My writing this spring has been comprised of stories about how I ended up making music for a living. I talked about the beginnings of Brewer and Shipley, and some of the things that came about because of our union. At this point, a documentary about our careers has now been released. Fans have begun asking me about the release and how they can go about watching it. At present, it is available on VIMEO on-demand. One Toke Over The Line…And Still Smokin’. They got that one right. Still smokin.’ Being a geezer who has managed to shred his mind and body over the years I find that enough of me has come apart that I now qualify for a medical cannabis card.
I have a card that says it is perfectly legal for me to possess some of the dreaded weed. Being one of the One Toke Over The Line boys for over half a century, you would have thought such a card stating that I was now legal would have been automatic. But no. I had to wait until my hip joints started to give out, some of my internal organs began hinting that they were getting tired, and my vision had collapsed to the point where I should no longer be allowed to use a bow and arrow. So I did the math.
As a teenager growing up in a time of “reefer madness” I was told that smoking this toxin would leave me in the dustbin of life. I would never be successful at anything with the possible exception of becoming a criminal. They hadn’t counted on this youngster reading Jack Kerouac’s famous book “On The Road.” Even at that, I did manage to make it through college without any personal knowledge of the plant. Then came folk music and there went all the good intentions.
I was hanging out at La Cave, the coffee house that had become my musical home. One night, at a party at the club owner’s house, Buzzy Linhart, a fellow musician said, “here try this,” which I did and immediately replied, “how about another,” which Buzzy quickly accommodated. For people who don’t know Buzzy Linhart, he is another fellow who would never be successful at anything because of the dreaded weed. He went on to be in the cast of the film “The Groove Tube,” and write “You’ve Got To Have Friends” for Bette Middler. A great singer, songwriter, musician, and a fellow I’m glad to call my friend.
The other day I was doing the math. The summer of 1964, the year Buzzy ruined me, and the spring of 2021 as I write this, amounts to approximately 57 years. “Perhaps they were wrong,” I thought. “Nonsense,” I said to myself. I saw it on tv. So I just keep waiting. Maybe not having an official card is what was going to ruin everyone’s life. Or perhaps it was the fact that doing something illegal \eventually leads to a life of crime. “But what about all the people who don’t tell the whole truth in April when they do their taxes,” I wondered. That’s a crime and there would be more prisons than houses if that was true.
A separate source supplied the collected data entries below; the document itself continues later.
(* Let $\mathbf{P}=[\mathbf{Q}_1\ \mathbf{Q}_2]\in\mathbb{R}^{n\times d}$ with $\mathbf{Q}_1\in\mathbb{R}^{n\times d'}$, $\mathbf{Q}_2\in\mathbb{R}^{n\times d''}$, $d=d'+d''$. If one of $\mathbf{Q}_1,\mathbf{Q}_2$ is (sufficiently) node-identifying, then $\mathbf{P}$ is (sufficiently) node-identifying. If one of $\mathbf{Q}_1,\mathbf{Q}_2$ is (sufficiently) adjacency-identifying, then $\mathbf{P}$ is (sufficiently) adjacency-identifying. If $\mathbf{Q}_1$ is (sufficiently) node-identifying and $\mathbf{Q}_2$ is (sufficiently) adjacency-identifying, or vice versa, then $\mathbf{P}$ is (sufficiently) node- and adjacency-identifying.
   Context: $G$ is a graph with $n$ nodes and adjacency matrix $\mathbf{A}(G)$; $d_k>0$ is a fixed constant. A matrix $\mathbf{R}\in\mathbb{R}^{n\times e}$ is node-identifying if there exist $\mathbf{W}^Q,\mathbf{W}^K\in\mathbb{R}^{e\times e}$ such that $\tilde{\mathbf{R}}=\frac{1}{\sqrt{d_k}}\mathbf{R}\mathbf{W}^Q(\mathbf{R}\mathbf{W}^K)^T$ satisfies $\tilde{\mathbf{R}}_{ij}=\max_k\tilde{\mathbf{R}}_{ik}\iff i=j$; adjacency-identifying if for some such matrices $\tilde{\mathbf{R}}_{ij}=\max_k\tilde{\mathbf{R}}_{ik}\iff\mathbf{A}(G)_{ij}=1$; node- and adjacency-identifying if it is both (possibly with different projection matrices). A matrix depending on learnable parameters is sufficiently node-identifying (resp. adjacency-identifying) if there is a node-identifying (resp. adjacency-identifying) matrix $\mathbf{R}^*$ such that for every $\varepsilon>0$ some parameter choice makes it lie within Frobenius distance $\varepsilon$ of $\mathbf{R}^*$. The parenthetical ''(sufficiently)'' is to be read consistently throughout each sentence: either all occurrences or none. *)

From HB Require Import structures.
From mathcomp Require Import all_boot all_order all_algebra.
From mathcomp Require Import reals.
Set Implicit Arguments. Unset Strict Implicit. Unset Printing Implicit Defensive.
Import Order.TTheory GRing.Theory Num.Theory.
Local Open Scope ring_scope.

Section Defs.
Variable R : realType.

Definition adjmx (n : nat) (G : rel 'I_n) : 'M[R]_n :=
  \matrix_(i, j) (G i j)%:R.

Definition attn_scores (dk : R) (n e : nat) (X : 'M[R]_(n, e))
  (WQ WK : 'M[R]_e) : 'M[R]_n :=
  (Num.sqrt dk)^-1 *: ((X *m WQ) *m (X *m WK)^T).

Definition is_row_max (n : nat) (M : 'M[R]_n) (i j : 'I_n) : Prop :=
  forall k : 'I_n, M i k <= M i j.

Definition node_identifying (dk : R) (n e : nat) (X : 'M[R]_(n, e)) : Prop :=
  exists WQ WK : 'M[R]_e, forall i j : 'I_n,
    is_row_max (attn_scores dk X WQ WK) i j <-> i = j.

Definition adjacency_identifying (dk : R) (n : nat) (G : rel 'I_n) (e : nat)
  (X : 'M[R]_(n, e)) : Prop :=
  exists WQ WK : 'M[R]_e, forall i j : 'I_n,
    is_row_max (attn_scores dk X WQ WK) i j <-> adjmx G i j = 1.

(* both, possibly with different projection matrices *)
Definition node_adjacency_identifying (dk : R) (n : nat) (G : rel 'I_n)
  (e : nat) (X : 'M[R]_(n, e)) : Prop :=
  node_identifying dk X /\ adjacency_identifying dk G X.

Definition frobenius_norm (m p : nat) (M : 'M[R]_(m, p)) : R :=
  Num.sqrt (\sum_(i < m) \sum_(j < p) M i j ^+ 2).

Definition sufficiently (Theta : Type) (n e : nat)
  (Ident : 'M[R]_(n, e) -> Prop) (X : Theta -> 'M[R]_(n, e)) : Prop :=
  exists Rstar : 'M[R]_(n, e), Ident Rstar /\
    forall eps : R, 0 < eps ->
      exists th : Theta, frobenius_norm (X th - Rstar) < eps.

End Defs.

From HB Require Import structures.
From mathcomp Require Import all_boot all_order all_algebra.
From mathcomp Require Import reals.
Import Order.TTheory GRing.Theory Num.Theory.
Local Open Scope ring_scope.
Set Implicit Arguments. Unset Strict Implicit. Unset Printing Implicit Defensive.

(* Padding the projections of one block with zeros makes the attention scores
   of [Q1 Q2] equal to those of that block, so every identifying property of a
   block passes to the concatenation; the node- and adjacency-identifying
   halves may use different projections, hence the mixed case.  For the
   "sufficiently" versions, approximants of the two blocks concatenate, as the
   Frobenius norm of [A B] is at most the sum of the norms of A and B; a block
   with no requirement is approximated by itself. *)

Section Frobenius.
Variable R : realType.

Lemma sqrtrD_le (a b : R) : 0 <= a -> 0 <= b ->
  Num.sqrt (a + b) <= Num.sqrt a + Num.sqrt b.
Proof.
move=> a_ge0 b_ge0.
have sum_ge0 : 0 <= Num.sqrt a + Num.sqrt b by rewrite addr_ge0 ?sqrtr_ge0.
rewrite -[leRHS]ger0_norm // -sqrtr_sqr ler_sqrt ?sqr_ge0 //.
rewrite sqrrD !sqr_sqrtr // -addrA lerD2l lerDr.
by rewrite mulrn_wge0 // mulr_ge0 ?sqrtr_ge0.
Qed.

Lemma frobenius_norm_row_mx m p1 p2 (A : 'M[R]_(m, p1)) (B : 'M[R]_(m, p2)) :
  frobenius_norm (row_mx A B) <= frobenius_norm A + frobenius_norm B.
Proof.
have sqsum_ge0 p (M : 'M[R]_(m, p)) : 0 <= \sum_i \sum_j M i j ^+ 2.
  by apply: sumr_ge0 => i _; apply: sumr_ge0 => j _; apply: sqr_ge0.
rewrite /frobenius_norm.
have -> : \sum_i \sum_j row_mx A B i j ^+ 2 =
          \sum_i \sum_j A i j ^+ 2 + \sum_i \sum_j B i j ^+ 2.
  rewrite -big_split; apply: eq_bigr => i _; rewrite big_split_ord /=.
  by congr (_ + _); apply: eq_bigr => j _; rewrite ?row_mxEl ?row_mxEr.
exact: sqrtrD_le (sqsum_ge0 _ A) (sqsum_ge0 _ B).
Qed.

Lemma frobenius_norm0 m p : frobenius_norm (0 : 'M[R]_(m, p)) = 0.
Proof.
rewrite /frobenius_norm big1 ?sqrtr0 // => i _.
by rewrite big1 // => j _; rewrite mxE expr0n.
Qed.

End Frobenius.

Section Scores.
Variables (R : realType) (dk : R) (n d1 d2 : nat).
Variables (Q1 : 'M[R]_(n, d1)) (Q2 : 'M[R]_(n, d2)).

Definition scores_identify e (X : 'M[R]_(n, e)) (P : 'I_n -> 'I_n -> Prop) :=
  exists WQ WK : 'M[R]_e, forall i j : 'I_n,
    is_row_max (attn_scores dk X WQ WK) i j <-> P i j.

Lemma attn_scores_row_mx_blockl (WQ WK : 'M[R]_d1) :
  attn_scores dk (row_mx Q1 Q2) (block_mx WQ 0 0 0) (block_mx WK 0 0 0)
  = attn_scores dk Q1 WQ WK.
Proof.
rewrite /attn_scores !mul_row_block !mulmx0 !addr0 tr_row_mx mul_row_col.
by rewrite trmx0 mulmx0 addr0.
Qed.

Lemma attn_scores_row_mx_blockr (WQ WK : 'M[R]_d2) :
  attn_scores dk (row_mx Q1 Q2) (block_mx 0 0 0 WQ) (block_mx 0 0 0 WK)
  = attn_scores dk Q2 WQ WK.
Proof.
rewrite /attn_scores !mul_row_block !mulmx0 !add0r tr_row_mx mul_row_col.
by rewrite trmx0 mulmx0 add0r.
Qed.

Lemma scores_identify_row_mx P :
  scores_identify Q1 P \/ scores_identify Q2 P ->
  scores_identify (row_mx Q1 Q2) P.
Proof.
case=> -[WQ [WK identWQK]].
  exists (block_mx WQ 0 0 0), (block_mx WK 0 0 0).
  by rewrite attn_scores_row_mx_blockl.
exists (block_mx 0 0 0 WQ), (block_mx 0 0 0 WK).
by rewrite attn_scores_row_mx_blockr.
Qed.

Lemma node_identifying_row_mx :
  node_identifying dk Q1 \/ node_identifying dk Q2 ->
  node_identifying dk (row_mx Q1 Q2).
Proof. exact: scores_identify_row_mx. Qed.

Lemma adjacency_identifying_row_mx (G : rel 'I_n) :
  adjacency_identifying dk G Q1 \/ adjacency_identifying dk G Q2 ->
  adjacency_identifying dk G (row_mx Q1 Q2).
Proof. exact: scores_identify_row_mx. Qed.

Lemma node_adjacency_identifying_row_mx (G : rel 'I_n) :
  (node_identifying dk Q1 /\ adjacency_identifying dk G Q2) \/
  (adjacency_identifying dk G Q1 /\ node_identifying dk Q2) ->
  node_adjacency_identifying dk G (row_mx Q1 Q2).
Proof.
case=> -[ident1 ident2]; split.
- by apply: node_identifying_row_mx; left.
- by apply: adjacency_identifying_row_mx; right.
- by apply: node_identifying_row_mx; right.
- by apply: adjacency_identifying_row_mx; left.
Qed.

End Scores.

Lemma sufficiently_eq_value (R : realType) (T : Type) n e
  (Q : T -> 'M[R]_(n, e)) (t : T) :
  sufficiently (fun M => M = Q t) Q.
Proof.
exists (Q t); split => // eps eps_gt0.
by exists t; rewrite subrr frobenius_norm0.
Qed.

Section Sufficiently.
Variables (R : realType) (n d1 d2 : nat) (T1 T2 : Type).
Variables (Q1 : T1 -> 'M[R]_(n, d1)) (Q2 : T2 -> 'M[R]_(n, d2)).
Variable I : 'M[R]_(n, d1 + d2) -> Prop.

Let P (th : T1 * T2) := row_mx (Q1 th.1) (Q2 th.2).

Lemma sufficiently_row_mx I1 I2 :
  (forall A B, I1 A -> I2 B -> I (row_mx A B)) ->
  sufficiently I1 Q1 -> sufficiently I2 Q2 -> sufficiently I P.
Proof.
move=> identI [R1 [ident1 approx1]] [R2 [ident2 approx2]].
exists (row_mx R1 R2); split; first exact: identI.
move=> eps eps_gt0; have eps2_gt0 : 0 < eps / 2 by rewrite divr_gt0.
have [th1 close1] := approx1 _ eps2_gt0.
have [th2 close2] := approx2 _ eps2_gt0.
exists (th1, th2); rewrite /P /= opp_row_mx add_row_mx.
apply: le_lt_trans (frobenius_norm_row_mx _ _) _.
by rewrite [eps]splitr ltrD.
Qed.

Lemma sufficiently_row_mxl I1 (t2 : T2) :
  (forall A B, I1 A -> I (row_mx A B)) ->
  sufficiently I1 Q1 -> sufficiently I P.
Proof.
move=> identI suff1.
apply: sufficiently_row_mx suff1 (sufficiently_eq_value Q2 t2).
by move=> A B /identI.
Qed.

Lemma sufficiently_row_mxr I2 (t1 : T1) :
  (forall A B, I2 B -> I (row_mx A B)) ->
  sufficiently I2 Q2 -> sufficiently I P.
Proof.
move=> identI; apply: sufficiently_row_mx (sufficiently_eq_value Q1 t1).
by move=> A B _ /identI.
Qed.

End Sufficiently.

Theorem lemmaF11 (R : realType) (dk : R) (hdk : 0 < dk)
  (n : nat) (G : rel 'I_n) (d1 d2 : nat) :
  (* plain version: fixed matrices Q1, Q2, P = [Q1 Q2] *)
  (forall (Q1 : 'M[R]_(n, d1)) (Q2 : 'M[R]_(n, d2)),
     ((node_identifying dk Q1 \/ node_identifying dk Q2) ->
        node_identifying dk (row_mx Q1 Q2)) /\
     ((adjacency_identifying dk G Q1 \/ adjacency_identifying dk G Q2) ->
        adjacency_identifying dk G (row_mx Q1 Q2)) /\
     ((node_identifying dk Q1 /\ adjacency_identifying dk G Q2) \/
      (adjacency_identifying dk G Q1 /\ node_identifying dk Q2) ->
        node_adjacency_identifying dk G (row_mx Q1 Q2))) /\
  (* "sufficiently" version: Q1, Q2 depend on (independent, nonempty)
     learnable parameters, P depends on both *)
  (forall (Theta1 Theta2 : Type) (th1 : Theta1) (th2 : Theta2)
          (Q1 : Theta1 -> 'M[R]_(n, d1)) (Q2 : Theta2 -> 'M[R]_(n, d2)),
     let P := fun th : Theta1 * Theta2 => row_mx (Q1 th.1) (Q2 th.2) in
     ((sufficiently (@node_identifying R dk n d1) Q1 \/
       sufficiently (@node_identifying R dk n d2) Q2) ->
        sufficiently (@node_identifying R dk n (d1 + d2)) P) /\
     ((sufficiently (@adjacency_identifying R dk n G d1) Q1 \/
       sufficiently (@adjacency_identifying R dk n G d2) Q2) ->
        sufficiently (@adjacency_identifying R dk n G (d1 + d2)) P) /\
     ((sufficiently (@node_identifying R dk n d1) Q1 /\
       sufficiently (@adjacency_identifying R dk n G d2) Q2) \/
      (sufficiently (@adjacency_identifying R dk n G d1) Q1 /\
       sufficiently (@node_identifying R dk n d2) Q2) ->
        sufficiently (@node_adjacency_identifying R dk n G (d1 + d2)) P)).
Proof.
split=> [Q1 Q2 | T1 T2 t1 t2 Q1 Q2 P].
  split; first exact: node_identifying_row_mx.
  split; first exact: adjacency_identifying_row_mx.
  exact: node_adjacency_identifying_row_mx.
split; [|split].
- case=> [suff1|suff2].
    apply: sufficiently_row_mxl t2 _ suff1 => A B identA.
    by apply: node_identifying_row_mx; left.
  apply: sufficiently_row_mxr t1 _ suff2 => A B identB.
  by apply: node_identifying_row_mx; right.
- case=> [suff1|suff2].
    apply: sufficiently_row_mxl t2 _ suff1 => A B identA.
    by apply: adjacency_identifying_row_mx; left.
  apply: sufficiently_row_mxr t1 _ suff2 => A B identB.
  by apply: adjacency_identifying_row_mx; right.
- case=> -[suff1 suff2];
    apply: sufficiently_row_mx suff1 suff2 => A B identA identB;
    apply: node_adjacency_identifying_row_mx; by [left | right].
Qed.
Back in the day pot-smokers learned the word “paranoia” way before their peers. We all have our “close call’ story. Mine involved trying to get to Toronto after a week at Washington’s Cellar Door club. As I was going through customs the agent opened my guitar case and there, for all the world to see, was a roach clip in the shape of a peace sign with a roach still in it. “What’s this,” the agent asked. “It looks like a peace sign,” I said, doing my best not to throw up in my guitar case. He put the clip on a shelf and continued to search my guitar and its case. Occasionally he would go over to the shelf, pick up the clip, put the roach on his tongue, and put it back on the shelf. “Are you sure you don’t know what this is,” the gray haired agent asked me again? Quickly I remembered an article in Rolling Stone about Jimmy Hendrix and how he dealt with the same issue. “I’m a musician and people are always putting things in my guitar case,” I said. “I should have checked before I got on the plane.” The agent tasted it again and, to my amazement, put the clip still containing the roach back in my case, closed it up, and said “have a nice day.” “If I don’t die of a heart attack I will,” I thought to myself as I headed to the concourse door. This old agent was just messing with me and I thanked the heavens that he had a sense of humor.
I tell this story and talk about my life with cannabis because of the movie that has just been released. “One Toke Over The Line…And Still Smokin’.” How could I not? The movie has been released and after 57 years without getting busted. I’m finally legal and now, more than ever, it’s not just my mind but my body that needs the occasional toke.
I’ll end by stating once again that the Brewer and Shipley documentary has been released and can be found on VIMEO on-demand. Lest anyone thinks I’m promoting this for financial gain you should know that Michael and I have nothing to do with that part of the film. We just answered some questions from the producer and let her follow us around for 10 or 12 years. That’s it. It was fun and I hope you like it.